What does ‘hew’ mean?

Reading time: Less than 1 minute

Increase your vocabulary and you’ll make your writing much more precise. That’s why I provide a word of the week. Today’s word: hew….

I learned the verb “to hew” when I was in grade school — as a result of the country I was born into. In my early childhood, Canadians were often described as, “hewers of wood and drawers of water,” a dramatic phrasing that appealed to my young ears.

The word hew means to cut wood with blows of an axe or other heavy cutting instrument.

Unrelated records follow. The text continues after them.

(* Let $C_{\min}=\min_l C_l$, and run Algorithm 3 (see context) on an arbitrary sequence of packet arrivals. Then: (i) the resulting $\{X_{mk}\}$ is feasible for $\textbf{Schedule}$, i.e. capacities $C_l$ are never exceeded; (ii) the resulting $\{\alpha_m\},\{\beta_{lt}\}$ (final values) are feasible for $\textbf{Dual}$; (iii) there is a constant $B<\infty$, depending on $L$ but not on $C_{\min}$, such that $$\Gamma_{opt}\le\Big(2(1+\ln L)+\frac{B}{C_{\min}}\Big)\sum_{m,k}X_{mk}.$$ Consequently, Algorithm 3 is $(1,\,2(1+\ln L))$-competitive in the limit $C_{\min}\to\infty$.
   Context: Network model. The network is a directed graph with a finite set $\mathcal L$ of links. Each link $l$ has an integer capacity $C_l\ge1$ (packets per time slot). Time is slotted, $t=1,2,\dots$. $\mathcal M$ is a finite set of packets. Packet $m$ has a source node $s_m$, a destination node $\mathrm{dst}_m$, an arrival slot $a_m$ and a deadline slot $f_m$. Valid schedules. A valid schedule for $m$ is a set $k=\{(l_1,t_1),\dots,(l_j,t_j)\}$ of (link, slot) pairs satisfying two conditions: $l_1,\dots,l_j$ form a directed path from $s_m$ to $\mathrm{dst}_m$, and $a_m\le t_1<t_2<\dots<t_j\le f_m$. $V(m)$ denotes the set of valid schedules of $m$. $L\ge1$ is an integer with $|k|\le L$ for all $m\in\mathcal M$, $k\in V(m)$. $\textbf{Schedule}(R)$ is the LP: maximize $\sum_{m,k\in V(m)}X_{mk}$ subject to three constraints: - $\sum_{k\in V(m)}X_{mk}\le1$ for all $m$; - $\sum_{m,k:(l,t)\in k}X_{mk}\le RC_l$ for all $l,t$; - $X_{mk}\ge0$. $\textbf{Schedule}$ is $\textbf{Schedule}(1)$, and $\Gamma_{opt}$ denotes its optimal value. $\textbf{Dual}$ is the LP: minimize $\sum_m\alpha_m+\sum_{l,t}C_l\beta_{lt}$ subject to three constraints: - $\alpha_m+\sum_{(l,t)\in k}\beta_{lt}\ge1$ for all $m$ and $k\in V(m)$; - $\alpha_m\ge0$; - $\beta_{lt}\ge0$. Competitive ratio. An online policy $\eta$ is $(R,\rho)$-competitive if $\Gamma_{opt}/\Gamma_\eta(R)\le\rho$ for every arrival sequence, where $\Gamma_\eta(R)$ is the number of packets $\eta$ delivers with capacities $RC_l$. Define the function $$g_L(x)=\begin{cases}\dfrac{e^{x}-1}{L\,(e^{1/(\ln L+1)}-1)}, & 0\le x\le \frac{1}{\ln L+1},\\[2mm] e^{(x-1)(\ln L+1)}, & x\ge\frac{1}{\ln L+1}.\end{cases}$$ Algorithm 3. 1. Initialize all $\alpha_m,X_{mk}$ to $0$. For each link $l$ and slot $t$, let $n_{lt}$ be the number of packets scheduled so far on $(l,t)$ (initially $0$), and maintain $\beta_{lt}=g_L(n_{lt}/C_l)$ (initially $0$). 2. For each arriving packet $m$ in order: - Let $k^*\in\arg\max_{k\in V(m)}\big(1-\sum_{(l,t)\in k}\beta_{lt}\big)$. - If $1-\sum_{(l,t)\in k^*}\beta_{lt}>0$, do the following. Set $\alpha_m=1-\sum_{(l,t)\in k^*}\beta_{lt}$, using current values. For each $(l,t)\in k^*$ increment $n_{lt}$ by one and reset $\beta_{lt}=g_L(n_{lt}/C_l)$. Set $X_{mk^*}=1$, and transmit $m$ along $k^*$. - Otherwise, drop $m$. *)

From Stdlib Require Import Reals Lra Lia List Bool.
Import ListNotations.
Open Scope R_scope.

(** Links are indexed 0 .. nL-1; link l goes from node [ltail l] to node
    [lhead l] and has integer capacity [cap l] (packets per slot).
    Nodes are natural numbers. *)
Record network := Network {
  nL : nat;
  ltail : nat -> nat;
  lhead : nat -> nat;
  cap : nat -> nat
}.

(** Packets are indexed 0 .. nM-1, in the order in which they arrive
    (and are processed by the online algorithm). *)
Record packets := Packets {
  nM : nat;
  src : nat -> nat;
  dst : nat -> nat;
  arr : nat -> nat;
  dl  : nat -> nat
}.

(** A schedule is the list [(l_1,t_1); ...; (l_j,t_j)] of (link, slot) pairs,
    listed in path order (equivalently, in increasing slot order). *)
Definition sched := list (nat * nat).

Fixpoint is_walk (N : network) (s d : nat) (ls : list nat) : Prop :=
  match ls with
  | [] => s = d
  | l :: r => (l < nL N)%nat /\ ltail N l = s /\ is_walk N (lhead N l) d r
  end.

Definition is_path (N : network) (s d : nat) (ls : list nat) : Prop :=
  is_walk N s d ls /\ NoDup (s :: map (lhead N) ls).

Fixpoint times_ok (lo hi : nat) (ts : list nat) : Prop :=
  match ts with
  | [] => True
  | t :: r => (lo <= t <= hi)%nat /\ times_ok (S t) hi r
  end.

Definition valid_sched (N : network) (P : packets) (m : nat) (k : sched) : Prop :=
  is_path N (src P m) (dst P m) (map fst k) /\
  times_ok (arr P m) (dl P m) (map snd k).

Definition memlt (l t : nat) (k : sched) : bool :=
  existsb (fun p => andb (Nat.eqb (fst p) l) (Nat.eqb (snd p) t)) k.

(** A (finitely supported) solution X is a list of entries ((m,k), X_mk);
    absent pairs have X_mk = 0. *)
Definition lpsol := list ((nat * sched) * R).

Definition sumR (xs : list R) : R := fold_right Rplus 0 xs.

Definition objective (X : lpsol) : R := sumR (map snd X).

Definition schedule_feasible (N : network) (P : packets) (Rf : R) (X : lpsol) : Prop :=
  NoDup (map fst X) /\
  (forall e, In e X ->
     (fst (fst e) < nM P)%nat /\ valid_sched N P (fst (fst e)) (snd (fst e)) /\ 0 <= snd e) /\
  (forall m, (m < nM P)%nat ->
     sumR (map snd (filter (fun e => Nat.eqb (fst (fst e)) m) X)) <= 1) /\
  (forall l t, (l < nL N)%nat ->
     sumR (map snd (filter (fun e => memlt l t (snd (fst e))) X)) <= Rf * INR (cap N l)).

Definition sum_beta (beta : nat -> nat -> R) (k : sched) : R :=
  sumR (map (fun p => beta (fst p) (snd p)) k).

Definition dual_feasible (N : network) (P : packets)
    (alpha : nat -> R) (beta : nat -> nat -> R) : Prop :=
  (forall m k, (m < nM P)%nat -> valid_sched N P m k -> alpha m + sum_beta beta k >= 1) /\
  (forall m, (m < nM P)%nat -> alpha m >= 0) /\
  (forall l t, (l < nL N)%nat -> beta l t >= 0).

Definition gL (L : nat) (x : R) : R :=
  let th := 1 / (ln (INR L) + 1) in
  if Rle_dec x th then (exp x - 1) / (INR L * (exp th - 1))
  else exp ((x - 1) * (ln (INR L) + 1)).

Definition beta_of (L : nat) (N : network) (n : nat -> nat -> nat) (l t : nat) : R :=
  gL L (INR (n l t) / INR (cap N l)).

Definition update (n : nat -> nat -> nat) (d : option sched) : nat -> nat -> nat :=
  match d with
  | None => n
  | Some k => fun l t => (n l t + if memlt l t k then 1 else 0)%nat
  end.

(** decisions: [dec m = Some k] means packet m is transmitted along k,
    [None] means it is dropped.  [counts dec m] = the counts n_{lt} just
    before packet m is processed. *)
Fixpoint counts (dec : nat -> option sched) (m : nat) : nat -> nat -> nat :=
  match m with
  | O => fun _ _ => O
  | S m' => update (counts dec m') (dec m')
  end.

Originally, the expression was a biblical term (Joshua 9:21) but it also refers to my country’s reliance on natural resources such as lumber, mining, oil and fisheries. The phrase was first used in a political context in 1879 by then-Minister of Finance Leonard Tilley. He said, “The time has arrived when we are to decide whether we will be simply hewers of wood and drawers of water…or will rise to the position, which, I believe Providence has destined us to occupy.”

I encountered the word hew again, when reading the novel The Water Cure by Sophie Mackintosh. Here is how Mackintosh used it:

Our world is made up of hum air over rough sea, riptides theoretical and deadly, birds that hew and blue sky with their ominous bodies.

Interestingly, Mackintosh used the word metaphorically, referring to the way in which the sharp wings of the birds appear to “cut” the sky. Hew can also be used metaphorically, in the sense of conforming or adhering to something. For example, one might say that a particular group is trying to hew to the line. How does this relate to cutting or logging?  The “hew line” is a line marked along the length of a log showing where to chop in order to shape a beam. “Hewing to the line,” is cutting along the mark-adhering to it-until the side of the log is squared.

The origin of the word is Old English heawan meaning “to chop, hack, gash, strike with a cutting weapon or tool.”

An earlier version of this post first appeared on my blog on June 5/19.